Print the lines that run from the line with "m + bl a m';" to the line with "br (f x) a)].", keeping both end lines, exactly as they appear in the entries below, and nothing else.

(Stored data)
Start of Block

(* Let $K$ be a commutative ring with identity, let $A$ be a $K$-algebra with augmentation $\varepsilon:A\to K$ (a $K$-algebra epimorphism), and let $n\ge 0$. If $A$ is weak bi-$FP_n$, then $A$ is both left-$FP_n$ and right-$FP_n$.
   Context: A module is of type $FP_n$ if there is an exact sequence $0\leftarrow M\leftarrow P_0\leftarrow\cdots\leftarrow P_n$ with $P_0,\dots,P_n$ finitely generated free modules. $A$ is left-$FP_n$ (resp. right-$FP_n$) if $K$, regarded as a left (resp. right) $A$-module via $\varepsilon$, is of type $FP_n$. An $(A,A)$-bimodule is an abelian group $M$ with left and right $A$-actions satisfying $(am)b=a(mb)$ and $km=mk$ for $k\in K$; the free bimodule of rank $r$ is a direct sum of $r$ copies of $A\otimes_K A$ with action $a(u\otimes v)b=au\otimes vb$. $A$ is weak bi-$FP_n$ if $K$, regarded as an $(A,A)$-bimodule via $a\cdot k\cdot a'=\varepsilon(a)k\varepsilon(a')$, has an exact sequence $0\leftarrow K\leftarrow F_0\leftarrow\cdots\leftarrow F_n$ with $F_0,\dots,F_n$ finitely generated free $(A,A)$-bimodules. *)

From mathcomp Require Import all_boot all_order all_algebra.
Set Implicit Arguments.
Unset Strict Implicit.
Unset Printing Implicit Defensive.
Import GRing.Theory.
Local Open Scope ring_scope.

Section Defs.
Variables (K : comPzRingType) (A : algType K) (eps : A -> K).

Definition augmentation : Prop :=
  [/\ (forall x y, eps (x + y) = eps x + eps y),
      (forall x y, eps (x * y) = eps x * eps y),
      eps 1 = 1,
      (forall (k : K) (x : A), eps (k *: x) = k * eps x)
    & (forall k : K, exists x : A, eps x = k)].

(* The finitely generated free left (resp. right) A-module of rank r is
   A^r = 'rV[A]_r with the entrywise left (resp. right) action.          *)
Definition lact (r : nat) (a : A) (v : 'rV[A]_r) : 'rV[A]_r := a *: v.
Definition ract (r : nat) (a : A) (v : 'rV[A]_r) : 'rV[A]_r :=
  map_mx (fun x => x * a) v.

Section OneSided.
Variables (act : forall r : nat, A -> 'rV[A]_r -> 'rV[A]_r)
          (kact : A -> K -> K).

Definition mod_linear (r s : nat) (f : 'rV[A]_r -> 'rV[A]_s) : Prop :=
  (forall u v, f (u + v) = f u + f v) /\
  (forall a u, f (act a u) = act a (f u)).

Definition aug_linear (r : nat) (f : 'rV[A]_r -> K) : Prop :=
  (forall u v, f (u + v) = f u + f v) /\
  (forall a u, f (act a u) = kact a (f u)).

(* K (with the action kact) is of type FP_n: there is an exact sequence
   0 <- K <- P_0 <- P_1 <- ... <- P_n with P_j = A^(r j) free of finite
   rank; d j : P_(j+1) -> P_j, aug : P_0 -> K.                            *)
Definition K_FP (n : nat) : Prop :=
  exists (r : nat -> nat)
         (d : forall j : nat, 'rV[A]_(r j.+1) -> 'rV[A]_(r j))
         (aug : 'rV[A]_(r 0%N) -> K),
  [/\ aug_linear aug,
      (forall j, (j < n)%N -> mod_linear (d j)),
      (forall k : K, exists x, aug x = k),
      ((0 < n)%N -> forall x, aug x = 0 <-> exists y, d 0%N y = x)
    & (forall j, (j.+1 < n)%N ->
         forall x, d j x = 0 <-> exists y, d j.+1 y = x)].
End OneSided.

Definition left_FP (n : nat) : Prop :=
  K_FP (fun r a v => lact a v) (fun a k => eps a * k) n.

Definition right_FP (n : nat) : Prop :=
  K_FP (fun r a v => ract a v) (fun a k => k * eps a) n.

Record bimod := Bimod {
  bcar :> zmodType;
  bl : A -> bcar -> bcar;
  br : bcar -> A -> bcar;
  _ : forall a (m m' : bcar), bl a (m + m') = bl a m + bl a m';
  _ : forall a a' (m : bcar), bl (a + a') m = bl a m + bl a' m;
  _ : forall m : bcar, bl 1 m = m;
  _ : forall a b (m : bcar), bl (a * b) m = bl a (bl b m);
  _ : forall a (m m' : bcar), br (m + m') a = br m a + br m' a;
  _ : forall a a' (m : bcar), br m (a + a') = br m a + br m a';
  _ : forall m : bcar, br m 1 = m;
  _ : forall a b (m : bcar), br m (a * b) = br (br m a) b;
  _ : forall a b (m : bcar), br (bl a m) b = bl a (br m b);
  _ : forall (k : K) (m : bcar), bl (k%:A) m = br m (k%:A)
}.

Definition bimod_hom (M N : bimod) (f : M -> N) : Prop :=
  [/\ (forall x y, f (x + y) = f x + f y),
      (forall a x, f (bl a x) = bl a (f x))
    & (forall a x, f (br x a) = br (f x) a)].

(* F is a free (A,A)-bimodule of rank r (i.e. isomorphic to the direct sum
   of r copies of A (x)_K A), expressed by the universal property of a
   free bimodule on a basis g : 'I_r -> F in the category of (A,A)-bimodules
   above.                                                  *)
Definition free_bimod (F : bimod) (r : nat) : Prop :=
  exists g : 'I_r -> F,
    forall (M : bimod) (m : 'I_r -> M),
      (exists f : F -> M, bimod_hom f /\ forall i, f (g i) = m i) /\
      (forall f f' : F -> M, bimod_hom f -> bimod_hom f' ->
         (forall i, f (g i) = f' (g i)) -> forall x, f x = f' x).

Definition aug_bimod_hom (F : bimod) (f : F -> K) : Prop :=
  [/\ (forall x y, f (x + y) = f x + f y),
      (forall a x, f (bl a x) = eps a * f x)
    & (forall a x, f (br x a) = f x * eps a)].

Definition weak_biFP (n : nat) : Prop :=
  exists (F : nat -> bimod) (r : nat -> nat)
         (d : forall j : nat, F j.+1 -> F j) (aug : F 0%N -> K),
  (forall j, (j <= n)%N -> free_bimod (F j) (r j)) /\
  [/\ aug_bimod_hom aug,
      (forall j, (j < n)%N -> bimod_hom (d j)),
      (forall k : K, exists x, aug x = k),
      ((0 < n)%N -> forall x, aug x = 0 <-> exists y, d 0%N y = x)
    & (forall j, (j.+1 < n)%N ->
         forall x, d j x = 0 <-> exists y, d j.+1 y = x)].

End Defs.

(* Restricted to the left action, the bimodule resolution F of K is an exact
   sequence L of left A-modules, which need not be finitely generated.  Reducing
   it modulo the augmentation on the right, F_j (x)_A K = A^(r_j), gives a
   complex Q of finitely generated free left modules and a chain map f : L -> Q
   over K; f commutes with the differentials because bimodule maps out of a free
   bimodule are determined by their values on a basis.
   Such a chain map already makes K of type FP_n.  Put P_k = Q_k (+) P_(k-1)
   with differential (q, p) |-> dQ q + c_(k-1) p, where G_k : P_k -> L_k lifts
   a basis of P_k along the exact L and c_k = 1 - f G_k - dP_(k-1) is a
   correction term on P_k: if x is a cycle of P_k and dL y = G_k x, then x is
   the boundary of (f y, x).
   Right FP_n is left FP_n over the opposite algebra. *)

From HB Require Import structures.
From mathcomp Require Import all_boot all_order all_algebra.
From Stdlib Require Import ClassicalEpsilon.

End of Block

# Output below:
  _ : forall a (m m' : bcar), bl a (m + m') = bl a m + bl a m';
  _ : forall a a' (m : bcar), bl (a + a') m = bl a m + bl a' m;
  _ : forall m : bcar, bl 1 m = m;
  _ : forall a b (m : bcar), bl (a * b) m = bl a (bl b m);
  _ : forall a (m m' : bcar), br (m + m') a = br m a + br m' a;
  _ : forall a a' (m : bcar), br m (a + a') = br m a + br m a';
  _ : forall m : bcar, br m 1 = m;
  _ : forall a b (m : bcar), br m (a * b) = br (br m a) b;
  _ : forall a b (m : bcar), br (bl a m) b = bl a (br m b);
  _ : forall (k : K) (m : bcar), bl (k%:A) m = br m (k%:A)
}.

Definition bimod_hom (M N : bimod) (f : M -> N) : Prop :=
  [/\ (forall x y, f (x + y) = f x + f y),
      (forall a x, f (bl a x) = bl a (f x))
    & (forall a x, f (br x a) = br (f x) a)].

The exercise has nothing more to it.